Data lineage
When you use bifabrik
to transform data and save it to lakehouse tables, you can enable data lineage tracking.
This will give you column-level mapping from the source to destination tables.
How it works
When lineage is enabled, bifabrik
parses each dataframe (or dataframe coming from a SQL query) that is being saved to a lakehouse.
The lineage information is then saved as a JSON file in a folder in the default lakehouse where you can process it further.
The JSON files can be deserialized to DataFrameLineage
objects that you can use to traverse the columns and their lineage.
Thus, in a typical scenario, you will be running a bunch of notebooks loading different tables with lineage enabled before processing the lineage folder e.g. once a day.
Example
First, we enable lineage tracking and set the destination folder
import bifabrik as bif
bif.config.lineage.lineageFolder = "Files/bifabrik_lineage"

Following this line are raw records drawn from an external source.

Lemma Rev_subE S v w r : unit_valued v -> unit_valued w ->
  Rev S v r - Rev S w r =
  (\sum_(j in S) (v j - w j) * (r j - Rev S w r)) / (1 + \sum_(j in S) v j).
Proof.
move=> hv hw; have hsv := sum_unit_valued_ge0 S hv; have hsw := sum_unit_valued_ge0 S hw.
rewrite (eq_bigr (fun j => (r j * v j - r j * w j) + (- Rev S w r) * (v j - w j)));
  last by move=> j _; ring.
rewrite big_split /= sumrB -mulr_sumr sumrB /Rev; field; lra.
Qed.

Lemma Rev_sub_le S v w r : unit_valued v -> unit_valued w -> unit_valued r ->
  Rev S v r - Rev S w r <= \sum_(j in S) `|v j - w j|.
Proof.
move=> hv hw hr; rewrite Rev_subE //.
have hsv := sum_unit_valued_ge0 S hv.
have /andP[hR0 hR1] := Rev_ge0_le1 S hw hr.
have hnum : \sum_(j in S) (v j - w j) * (r j - Rev S w r) <= \sum_(j in S) `|v j - w j|.
  apply: ler_sum => j _; apply: (le_trans (ler_norm _)); rewrite normrM.
  have : `|r j - Rev S w r| <= 1 by rewrite ler_norml; have /andP[? ?] := hr j; lra.
  by have := normr_ge0 (v j - w j); nra.
have hden : 0 <= \sum_(j in S) `|v j - w j| by apply: sumr_ge0 => j _; exact: normr_ge0.
by rewrite ler_pdivrMr; nra.
Qed.

Definition sqloss S v (i : option 'I_N) : R :=
  \sum_(j in S) (mu S v (Some j) - (i == Some j)%:R) ^+ 2.

Definition mu_sqdist S v w : R :=
  \sum_(j in S) (mu S v (Some j) - mu S w (Some j)) ^+ 2.

Lemma mu_sqdist_ge0 S v w : 0 <= mu_sqdist S v w.
Proof. by apply: sumr_ge0 => j _; exact: sqr_ge0. Qed.
(* There is an absolute constant $C>0$ such that for every $n\ge 2$ and all integers $b_1,\dots,b_n\ge 0$ with $b_1+\dots+b_n=n-1$, every equilibrium graph of $(b_1,\dots,b_n)$-BG in the SUM version has diameter at most $C\log n$.
   Context: Bounded budget network creation game $(b_1,\dots,b_n)$-BG: $n$ players with integer budgets $0\le b_i\le n-1$. A strategy of player $i$ is a set $S_i\subseteq\{1,\dots,n\}\setminus\{i\}$ with $|S_i|=b_i$; a profile is realized by the directed graph $G$ on $u_1,\dots,u_n$ with an arc $\overrightarrow{u_iu_j}$ iff $j\in S_i$. $U(G)$ is the undirected multigraph obtained by ignoring directions; $\operatorname{dist}(u,v)$ is the distance in $U(G)$, defined as $n^2$ between different components. SUM cost: $c_{SUM}(u)=\sum_v\operatorname{dist}(u,v)$. An equilibrium graph in the SUM version is a realization in which no vertex can decrease its SUM cost by changing its own strategy while the other strategies are fixed. The diameter is the maximum distance between two vertices. Logarithms are base 2. *)

From mathcomp Require Import all_boot.
From Stdlib Require Import Reals.

Set Implicit Arguments.
Unset Strict Implicit.
Unset Printing Implicit Defensive.

(* A strategy profile for n players u_0,...,u_{n-1}: player i buys arcs to S i. *)
Definition profile (n : nat) := 'I_n -> {set 'I_n}.

Definition valid_profile (n : nat) (b : 'I_n -> nat) (S : profile n) : Prop :=
  forall i : 'I_n, i \notin S i /\ #|S i| = b i.

Definition uadj (n : nat) (S : profile n) : rel 'I_n :=
  fun x y => (y \in S x) || (x \in S y).

Definition walk_le (n : nat) (S : profile n) (k : nat) (u v : 'I_n) : bool :=
  [exists j : 'I_k.+1, [exists p : j.-tuple 'I_n,
     path (uadj S) u p && (last u p == v)]].

(* Distance in U(G): length of a shortest walk (any shortest walk has < n
   edges), and n^2 between different components. *)
Definition dist (n : nat) (S : profile n) (u v : 'I_n) : nat :=
  if [exists k : 'I_n, walk_le S k u v]
  then \big[minn/n]_(k < n | walk_le S k u v) (k : nat)
  else n ^ 2.

Definition cost_sum (n : nat) (S : profile n) (u : 'I_n) : nat :=
  \sum_(v : 'I_n) dist S u v.

Definition deviate (n : nat) (S : profile n) (i : 'I_n) (T : {set 'I_n})
  : profile n := fun j => if j == i then T else S j.

Definition sum_equilibrium (n : nat) (b : 'I_n -> nat) (S : profile n) : Prop :=
  valid_profile b S /\
  forall (i : 'I_n) (T : {set 'I_n}), i \notin T -> #|T| = b i ->
    cost_sum S i <= cost_sum (deviate S i T) i.

Definition diameter (n : nat) (S : profile n) : nat :=
  \max_(u : 'I_n) \max_(v : 'I_n) dist S u v.

Definition log2 (x : R) : R := (ln x / ln 2)%R.

From Pilot Require Import Defs.
From mathcomp Require Import all_boot zify.
From Stdlib Require Import Reals Lra.

Set Implicit Arguments.
Unset Strict Implicit.
Unset Printing Implicit Defensive.

(* With n - 1 arcs in total an equilibrium graph is a tree. Were it
   disconnected, some arc would lie outside a spanning forest of the components,
   and its owner could redirect it into another component, removing a distance
   n^2 from its cost. In a tree, let v_0 ... v_D be a shortest path and B_i the
   set of vertices closer to v_(i+1) than to v_i. The B_i decrease, and when
   v_i owns the arc to v_(i+1), the fact that swapping it for an arc to v_(i+2)
   does not pay forces |B_(i+1)| <= |B_i| / 2. Every inner edge of the path is
   owned from one of its ends, so reading the path in both directions gives
   2^(D-2) <= n^2, i.e. D <= 4 log n. *)

(* Importing Reals rebinds [^] on nat to [Nat.pow]; restore ssrnat's [expn]. *)
Local Notation "m ^ n" := (expn m n) : nat_scope.

Lemma bigminn_eq_arg (I : finType) i0 (P : pred I) (F : I -> nat) m :
  P i0 -> (forall i, P i -> F i <= m) ->
  \big[minn/m]_(i | P i) F i = F [arg min_(i < i0 | P i) F i].
Proof.
move=> Pi0 leFm; case: arg_minnP => // i Pi minFi.
apply/eqP; rewrite eqn_leq; apply/andP; split.
  have : i \in index_enum I by rewrite mem_index_enum.
  elim: (index_enum I) => // j s IH; rewrite inE big_cons.
  case/orP => [/eqP <-|/IH le_i]; first by rewrite Pi geq_minl.
  by case: ifP => _ //; rewrite geq_min le_i orbT.
apply: (big_ind (fun x => F i <= x)) => [|x y hx hy|j Pj].
- exact: leFm.
- by rewrite leq_min hx hy.
- exact: minFi.
Qed.

Lemma sum_mem_card (T : finType) (A : {pred T}) : \sum_(x : T) (x \in A) = #|A|.
Proof. by rewrite -sum1_card [RHS]big_mkcond; apply: eq_bigr => x _; case: (x \in A). Qed.

Lemma nested_halving (T : finType) (B : nat -> {set T}) (P : pred nat) m :
  (forall i, i < m -> B i.+1 \subset B i) ->
  (forall i, i < m -> P i -> 2 * #|B i.+1| <= #|B i|) ->
  B m != set0 -> 2 ^ (\sum_(0 <= i < m) P i) <= #|T|.
Proof.
move=> nested halves /set0Pn [x Bm_x].
suff halving k : k <= m -> 2 ^ (\sum_(0 <= i < k) P i) * #|B k| <= #|B 0|.
  apply: leq_trans (max_card (mem (B 0))).
  apply: leq_trans (halving m (leqnn m)).
  by rewrite leq_pmulr //; apply/card_gt0P; exists x.
elim: k => [|k IH] lt_km; first by rewrite big_geq // mul1n.
rewrite big_nat_recr //= expnD.
have le_Bk := subset_leq_card (nested k lt_km).
apply: leq_trans (IH (ltnW lt_km)); rewrite -mulnA leq_mul2l; apply/orP; right.
by case: (P k) (halves k lt_km) => [->|_] //; rewrite mul1n.
Qed.

Lemma sum_cover_shift (f g : nat -> bool) m : (forall i, i < m -> f i.+1 || g i.+1) ->
  m <= \sum_(0 <= i < m.+1) f i + \sum_(0 <= i < m.+1) g i.+1.
Proof.
move=> cover; rewrite big_nat_recl // big_nat_recr //=.
suff : m <= \sum_(0 <= i < m) f i.+1 + \sum_(0 <= i < m) g i.+1 by lia.
rewrite -big_split big_mkord -[m in m <= _]card_ord -sum1_card /=.
by apply: leq_sum => i _; have := cover i (ltn_ord i); case: (f _); case: (g _).
Qed.

Section Distance.
Variables (n : nat) (S : profile n).
Local Notation e := (uadj S).
Local Notation d := (Defs.dist S).

Lemma uadj_sym : symmetric e.
Proof. by move=> x y; rewrite /uadj orbC. Qed.

Lemma connect_uadj_sym : connect_sym e.
Proof. exact: sym_connect_sym uadj_sym. Qed.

bif.config.lineage.lineageEnabled = True
Then we can run a pipeline as per usual, in this case loading data from Bronze to Silver
(
bif.fromSparkSql('''
SELECT
id AS InvoiceId,
total * (1 + vat_percent / 100) TotalWithVAT
FROM Bronze.is_invoice
''')
.toTable('InvoicesTest')
.destinationLakehouse('Silver')
.run()
)
This will save the lineage to a file in the lienageFolder
in the format of {target_lakehouse}_{target_table}_{timestamp}.json
, in this case Files/bifabrik_lineage/Silver_InvoicesTest_20250708_184955_346.json
.
You can go through the output folder regularly to process all the lineage. To deserialize the file, use DataFrameLineage
from bifabrik.utils.lineage.DataFrameLineage
from bifabrik.utils.lineage.DataFrameLineage import DataFrameLineage
file_path = f'/lakehouse/default/Files/bifabrik_lineage/Silver_InvoicesTest_20250708_184955_346.json'
with open(file_path, "r") as file:
file_content = file.read()
df_lineage = DataFrameLineage.fromJson(file_content)
print(df_lineage)
The output can look like this - showing that e.g. TotalWithVAT depends on the two columns from spark catalog and goes through a transformation in the query:
InvoiceId#2314 'InvoiceId'
--- `spark_catalog`.`bronze`.`is_invoice`.`id`#2317
--- InvoiceId#2314 'spark_catalog.Bronze.is_invoice.id AS InvoiceId'
TotalWithVAT#2315 'TotalWithVAT'
--- `spark_catalog`.`bronze`.`is_invoice`.`total`#2345
--- `spark_catalog`.`bronze`.`is_invoice`.`vat_percent`#2337
--- TotalWithVAT#2315 '(spark_catalog.Bronze.is_invoice.total * (CAST(1 AS DECIMAL(1,0)) + (spark_catalog.Bronze.is_invoice.vat_percent / CAST(100 AS DECIMAL(3,0))))) AS TotalWithVAT'
You can use the DataFrameLineage
like this
# check for parsing errors - this shouldn't happen too often though :)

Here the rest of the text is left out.